Adds Ken Tumin, founder of DepositAcounts.com: “Several online banks have recently increased their savings account rates in the last two months, even before the first Fed rate hike,” adds Ken Tumin, founder of DepositAcounts.com — with potentially more increases to come, pros say.

So how does this all work exactly? “When the Fed increases interest rates, it becomes more expensive to borrow, which means consumers typically pay higher interest rates on mortgages and loans,” explains Bessette. “And because banks are lending their money at a higher rate, [that] means banks can pay their customers more interest on their checking, saving and certificate of deposit accounts,” says Bessette.

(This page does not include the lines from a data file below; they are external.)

Lemma disjoint_heads L : max_sector_seq P s L -> disjoint_pairs (map (sector_head s) L).
Proof.
move=> ML; have /andP[uniqL /allP maxL] := ML.
apply: (disjoint_pairs_map uniqL) => [p q pL qL | p q pL qL | p q pL qL].
- exact: (max_sector_seq_spow_inj (k := fun _ => 0) ML (fun p => leq0n p.2) pL qL).
- by move/perm_inj/(max_sector_seq_spow_inj (k := snd) ML (fun p => leqnn p.2) pL qL).
have /andP[Sp _] := maxL p pL; have /andP[Sq _] := maxL q qL.
by apply: contraTneq (sector_in Sp (leq0n _)) => ->; rewrite (sector_out Sq).
Qed.

Lemma move_sigma_sector (s' : {perm T}) p : agree_on_sector s s' s p ->
  move_sigma io s' p.1 p.2 = (tprod [:: sector_tail io s p] * s' * tprod [:: sector_head s p])%g.
Proof. by move=> A; rewrite /tprod !big_seq1 /move_sigma !(agree_spow A). Qed.

Lemma move_sigma_agree (s' : {perm T}) p L : max_sector_seq P s (p :: L) ->
  agree_on_sector s s' s p -> {in L, forall q, agree_on_sector s s' s q} ->
  {in L, forall q, agree_on_sector s (move_sigma io s' p.1 p.2) s q}.
Proof.
move=> ML Ap AL q qL k kq; have [ya yb syp] := sector_points_avoid ML qL kq.
rewrite -(agree_spow Ap) // in ya; rewrite -(agree_spow Ap) // in yb.
have s_agree := AL q qL k kq.
by rewrite move_sigma_id // s_agree.
Qed.

Lemma foldl_move_sigma L (G : bgraph T) : max_sector_seq P s L -> bg_iota G = io ->
  {in L, forall q, agree_on_sector s (bg_sigma G) s q} ->
  bg_sigma (foldl (@move T) G L) =
  (tprod (map (sector_tail io s) (rev L)) * bg_sigma G * tprod (map (sector_head s) L))%g.
Proof.
elim: L G => [|p L IH] G ML G_io AL /=; first by rewrite /tprod !big_nil mul1g mulg1.
have Ap := AL p (mem_head p L).
have ML' : max_sector_seq P s L by rewrite max_sector_seq_cons in ML; case/and3P: ML.
rewrite IH //= G_io; last first.
  by apply: move_sigma_agree ML Ap _ => q qL; apply: AL; rewrite inE qL orbT.
rewrite move_sigma_sector // rev_cons -cats1 map_cat tprod_cat.
by rewrite /= /tprod !big_seq1 big_cons !mulgA.
Qed.

End KauerMoves.

Lemma kauer_sigma (T : finType) (P : {set T}) (G : bgraph T) :
  (forall x, (bg_iota G x \in P) = (x \in P)) ->
  bg_sigma (kauer P G) =
  (tprod (map (sector_tail (bg_iota G) (bg_sigma G)) (rev (max_sectors P (bg_sigma G))))
   * bg_sigma G * tprod (map (sector_head (bg_sigma G)) (max_sectors P (bg_sigma G))))%g.
Proof.
move=> io_stable; apply: foldl_move_sigma => //.
exact: max_sector_seq_max_sectors.
Qed.

Lemma foldl_move_iota (T : finType) L (G : bgraph T) :
  bg_iota (foldl (@move T) G L) = bg_iota G.
Proof. by elim: L G => [|p L IH] G //=; rewrite IH. Qed.

Lemma foldl_move_mult_one (T : finType) L (G : bgraph T) :
  bg_mult G =1 (fun=> 1%N) -> bg_mult (foldl (@move T) G L) =1 (fun=> 1%N).
Proof.
elim: L G => [|p L IH] G G1 //=; apply: IH => x /=.
by rewrite /move_mult; case: ifP; rewrite G1.
Qed.

Lemma foldl_gmove_iota (T : finType) n L (G : gbgraph T n) :
  gb_iota (foldl (@gmove T n) G L) = gb_iota G.
Proof. by elim: L G => [|p L IH] G //=; rewrite IH. Qed.

Section Covering.
Variables (H : finType) (n : nat).
Local Open Scope ring_scope.
Implicit Types (P : {set H}) (io s : {perm H}) (d : H -> 'Zm n) (p : H * nat).

Definition path_deg s d h k : 'Zm n := \sum_(j < k) d (spow s j h).

Lemma cov_sigmaE s d x : cov_sigma s d x = (s x.1, x.2 + d x.1).
Proof. by rewrite permE. Qed.

Lemma cov_iotaE io x : cov_iota n io x = (io x.1, x.2).
Proof. by rewrite permE. Qed.

Lemma cov_spow s d k h i : spow (cov_sigma s d) k (h, i) = (spow s k h, i + path_deg s d h k).
Proof.
elim: k => [|k IH]; first by rewrite /path_deg big_ord0 addr0.
by rewrite spowS IH cov_sigmaE /path_deg big_ord_recr /= addrA.
Qed.

Lemma cov_sigmaV_fst s d x : (((cov_sigma s d)^-1)%g x).1 = (s^-1)%g x.1.
Proof. by rewrite -{2}[x](permKV (cov_sigma s d)) cov_sigmaE permK. Qed.

Lemma lift_set_stable P io : (forall h, (io h \in P) = (h \in P)) ->
  forall x, (cov_iota n io x \in lift_set n P) = (x \in lift_set n P).
Proof. by move=> io_stable x; rewrite cov_iotaE !inE io_stable. Qed.

Lemma is_max_sector_lift P s d h i r :
  is_max_sector (lift_set n P) (cov_sigma s d) (h, i) r = is_max_sector P s h r.
Proof.
rewrite /is_max_sector /is_sector cov_spow !inE cov_sigmaV_fst /=.
by congr (_ && _ && _); apply: eq_forallb => k; rewrite cov_spow inE.
Qed.

Definition lift_sectors (L : seq (H * nat)) : seq ((H * 'Zm n) * nat) :=
  [seq ((p.1, i), p.2) | p <- L, i <- enum 'Zm n].

Lemma lift_sectors_cat L1 L2 : lift_sectors (L1 ++ L2) = lift_sectors L1 ++ lift_sectors L2.
Proof. by rewrite /lift_sectors map_cat flatten_cat. Qed.

Lemma perm_lift_max_sectors P s d :
  perm_eq (lift_sectors (max_sectors P s)) (max_sectors (lift_set n P) (cov_sigma s d)).
Proof.
apply: uniq_perm; rewrite ?max_sectors_uniq //.
  apply: allpairs_uniq; rewrite ?enum_uniq ?max_sectors_uniq //.
  by move=> -[[h r] i] [[h' r'] j] _ _ /= [-> -> ->].
move=> [[h i] r]; rewrite mem_max_sectors /= is_max_sector_lift.
rewrite -(mem_max_sectors P s (h, r)).
apply/allpairsP/idP => [[[[h' r'] i'] [/= L' _ [Eh Ei Er]]] | hrL]; first by subst.
by exists ((h, r), i); rewrite mem_enum.
Qed.

Lemma cover_sector_tail io s d h i r :
  sector_tail (cov_iota n io) (cov_sigma s d) ((h, i), r) =
  ((spow s r h, i + path_deg s d h r), (io (spow s r.+1 h), i + path_deg s d h r.+1)).
Proof. by rewrite /sector_tail !cov_spow cov_iotaE. Qed.

Lemma cover_sector_head s d h i r :
  sector_head (cov_sigma s d) ((h, i), r) = ((h, i), (spow s r.+1 h, i + path_deg s d h r.+1)).
Proof. by rewrite /sector_head cov_spow. Qed.

Definition shifted_pairs (x y : H) (c c' : 'Zm n) : seq ((H * 'Zm n) * (H * 'Zm n)) :=
  [seq ((x, i + c), (y, i + c')) | i <- enum 'Zm n].

Lemma disjoint_shifted_pairs x y c c' : x != y -> disjoint_pairs (shifted_pairs x y c c').
Proof.
move=> xy; apply: disjoint_pairs_map; rewrite ?enum_uniq // => i j _ _.
- by move/(congr1 snd)/addIr.
- by move/(congr1 snd)/addIr.
- by rewrite xpair_eqE (negbTE xy).
Qed.

Lemma tprod_shifted_pairsL x y c c' j : x != y ->
  tprod (shifted_pairs x y c c') (x, j) = (y, j - c + c').
Proof.
move=> xy; rewrite -{1}(subrK c j).
by have [-> _] := tprod_pair (disjoint_shifted_pairs c c' xy) (map_f _ (mem_enum _ (j - c))).
Qed.

Lemma tprod_shifted_pairsR x y c c' j : x != y ->
  tprod (shifted_pairs x y c c') (y, j) = (x, j - c' + c).
Proof.
move=> xy; rewrite -{1}(subrK c' j).
by have [_ ->] := tprod_pair (disjoint_shifted_pairs c c' xy) (map_f _ (mem_enum _ (j - c'))).
Qed.

Lemma tprod_shifted_pairs_id x y c c' z : z.1 != x -> z.1 != y ->
  tprod (shifted_pairs x y c c') z = z.
Proof.
move=> zx zy; apply: tprod_id => _ /mapP[i _ ->].
by apply/andP; split; [apply: contra_neq zx | apply: contra_neq zy] => ->.
Qed.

In other words: “The rising tide means banks often pay higher rates on savings and other deposit products to keep the deposits they have and bring in new deposits. But this relationship isn’t perfect, as banks with lots of deposits don’t have to competitively price in order to retain or attract new deposits,” says Greg McBride, chief financial analyst at Bankrate. (This site offers a summary of deposits at banks, but note that it is only updated annually.)

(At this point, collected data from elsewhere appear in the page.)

Lemma sum_Vset_kval :
  \sum_(i in Vset (m + n) n S) (kval (m + n) n S i)%:Z =
  pairsum (outer_cross m n) (steps m n g) +
  pairsum (fun x y => outer_cross m n y x) (steps m n g).
Proof.
rewrite -sum_outer_kval [RHS](bigID (mem (Vset (m + n) n S))) /=.
rewrite [X in _ = _ + X]big1 ?addr0 => [|i /andP[outer_i]].
  by apply: eq_bigl => i; rewrite inE; case: (outer S i).
by rewrite inE outer_i => /kval_top ->.
Qed.

Ltac unfold_meet := rewrite /star_meet /outer_cross /block_cross /star_block /=
  !big_cons !big_nil /hmeet /hcross /ind /=.

Lemma star_meet_horizontal i j : (i < j)%N -> (j < N)%N ->
  star_meet m n (false, L i) (b j, L j) =
  outer_cross m n (b j, L j) (false, L i) + ind (hmeet m n (false, L i) (b j, L j)).
Proof.
move=> hij hj; case bj: (b j); last by unfold_meet; lia.
have /eqP := lev_before_vertical m_gt0 n_gt0 cop_mn dyck_g hij hj bj.
unfold_meet; ind_lia.
Qed.

Lemma star_meet_vertical i j : (i < j)%N -> (j < N)%N -> b i ->
  star_meet m n (true, L i) (b j, L j) =
  outer_cross m n (true, L i) (b j, L j) + outer_cross m n (b j, L j) (true, L i) +
  signed_cross m n g (L i + m%:Z + n%:Z) j.
Proof.
move=> hij hj bi; have hi := ltn_trans hij hj.
have /eqP : L j != L i + m%:Z + n%:Z.
  by apply: lev_after_vertical => //; rewrite hij ltnW.
have /eqP : L j.+1 != L i + m%:Z + n%:Z.
  by apply: lev_after_vertical => //; rewrite ltnW.
have /eqP : L j != L i.
  apply: contraTneq hij => /(lev_inj m_gt0 n_gt0 cop_mn dyck_g hj hi) ->.
  by rewrite ltnn.
rewrite levS // /signed_cross; case: (b j); rewrite /lev_step; unfold_meet;
  move=> *; repeat case: ifP; lia.
Qed.

Lemma pairsum_star_meet :
  pairsum (star_meet m n) (steps m n g) =
  pairsum (outer_cross m n) (steps m n g) +
  pairsum (fun x y => outer_cross m n y x) (steps m n g) +
  pairsum (fun x y => ind (hmeet m n x y)) (steps m n g).
Proof.
apply/eqP; rewrite -subr_eq0 -!pairsumD -pairsumB (pairsum_nth _ _ (false, 0)).
apply/eqP; rewrite size_steps big1_seq // => i /andP[_].
rewrite mem_index_iota => /andP[_ hi].
under eq_big_nat => j /andP[hij hj] do rewrite !nth_steps //.
case bi: (b i).
- under eq_big_nat => j /andP[hij hj] do
    rewrite star_meet_vertical //= addr0 addrAC subrr add0r.
  rewrite sum_signed_cross ?hi ?leqnn // => [|j /andP[hij hjN]]; last first.
    by apply: lev_after_vertical => //; rewrite hij hjN.
  rewrite lev_size // levS // bi /lev_step.
  by have := lev_ge0 dyck_g (ltnW hi); ind_lia.
- rewrite big1_seq // => j /andP[_]; rewrite mem_index_iota => /andP[hij hj].
  rewrite star_meet_horizontal // /outer_cross /=; lia.
Qed.

End StarOfDyck.

Local Close Scope ring_scope.

Theorem mainTheorem7 (m n : nat) (g : seq bool) :
  0 < m -> 0 < n -> coprime m n -> is_dyck m n g ->
  ((hstat m n g)%:Z =
   (hstat (m + n) n (star g))%:Z
   - \sum_(i in Vset (m + n) n (star g)) (kval (m + n) n (star g) i)%:Z)%R.
Proof.
move=> m_gt0 n_gt0 cop_mn dyck_g.
rewrite hstat_star (pairsum_star_meet m_gt0 n_gt0 cop_mn dyck_g).
by rewrite (sum_Vset_kval m_gt0 n_gt0 cop_mn dyck_g) hstat_pairsum addrAC subrr add0r.
Qed.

To be sure, banks are under no obligation to raise your interest rate on your savings account, and not all of them will do it: “Banks are free to delay or avoid rate hikes on savings accounts based on factors like deposit needs,” explains Tumin. Indeed, Tumin adds that many banks, especially the large ones, have become flush with deposits while loan demand has been weak in the last two years. And that may mean they’re in no rush to raise their savings account rates regardless of Fed rate hikes. But others face different issues: “Some have seen loan demand increase while deposit levels have been inadequate,” he says.

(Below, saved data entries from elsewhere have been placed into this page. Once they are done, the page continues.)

(* Consider a sequence of problems indexed by $n$ with a fixed integer $m\ge1$, a support set $\mathcal{S}\subseteq\{1,\dots,n\}$ of size $s=s(n)$, a fixed rate $\theta_1>0$ and a rate $\theta_0=\theta_0(n)>\theta_1$. Observations of component $i$ are i.i.d. $\mathrm{Poisson}(\theta_0)$ if $i\notin\mathcal{S}$ and i.i.d. $\mathrm{Poisson}(\theta_1)$ if $i\in\mathcal{S}$, independent across components and draws. Run (reversed) sequential thresholding with $K=(1+\epsilon)\log_2 n$ passes, $\epsilon>0$: set $\mathcal{S}_0=\{1,\dots,n\}$; for $k=1,\dots,K$, for each $i\in\mathcal{S}_{k-1}$ take $m$ fresh observations, compute $T^{(k)}_{i,m}=\sum_{j=1}^m y^{(k)}_{i,j}$, and set $\mathcal{S}_k=\{i\in\mathcal{S}_{k-1}:T^{(k)}_{i,m}<\mathrm{median}(\mathrm{Poisson}(m\theta_0))\}$. If $\theta_0>\frac{\log(s\log_2 n)+1}{m}$, then sequential thresholding is reliable, i.e. $\lim_{n\to\infty}\mathbb{P}(\mathcal{S}_K\neq\mathcal{S})=0$.
   Context: A support estimator $\widehat{\mathcal{S}}(n)$ is reliable if $\lim_{n\to\infty}\mathbb{P}(\widehat{\mathcal{S}}(n)\neq\mathcal{S}(n))=0$. The inequality on $\theta_0$ is understood as a condition on the growth of $\theta_0(n)$ with $n$. *)

From HB Require Import structures.
From mathcomp Require Import all_boot all_order all_algebra.
From mathcomp Require Import all_classical all_reals all_analysis.
Set Implicit Arguments. Unset Strict Implicit. Unset Printing Implicit Defensive.
Import Order.TTheory GRing.Theory Num.Theory.
Local Open Scope classical_set_scope.
Local Open Scope ring_scope.

Section SeqThresh.
Variable R : realType.

(* Outcome of the experiment: all observations y^{(k)}_{i,j} for component
   i < n, pass k < K, draw j < m (all drawn up front; pass k only uses the
   observations of components still alive, which is the same as taking
   fresh observations). *)
Definition obs_space (n K m : nat) := {ffun 'I_n * 'I_K * 'I_m -> nat}.

Definition stat (n K m : nat) (y : obs_space n K m) (i : 'I_n) (k : 'I_K) : nat :=
  (\sum_(j < m) y (i, k, j))%N.

Definition seq_thresh (n K m : nat) (y : obs_space n K m) (thr : nat) : {set 'I_n} :=
  foldl (fun (S : {set 'I_n}) (k : 'I_K) => [set i in S | (stat y i k < thr)%N])
        [set: 'I_n]%SET (enum 'I_K).

Definition comp_rate (n : nat) (th0 th1 : R) (S : {set 'I_n}) (i : 'I_n) : R :=
  if i \in S then th1 else th0.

Where experts predict you’re likely to find the highest interest rates on savings accounts

“Online banks have a history of hiking their savings account rates aggressively as the Fed hikes rates,” says Tumin. To find banks that are already paying high rates, McBride says: “There are plenty of online banks offering competitive yields to customers nationwide, often with very minimal or no minimum deposit. Everyone needs emergency savings and these accounts are literally in reach of everyone.”

Bottom line: “Where you keep your savings is going to be very important these next couple of years because banks will raise payouts on savings at varying speeds and some won’t at all. The online banks and smaller community banks that already pay competitive returns are those most likely to boost rates further to stay competitive,” McBride predicts.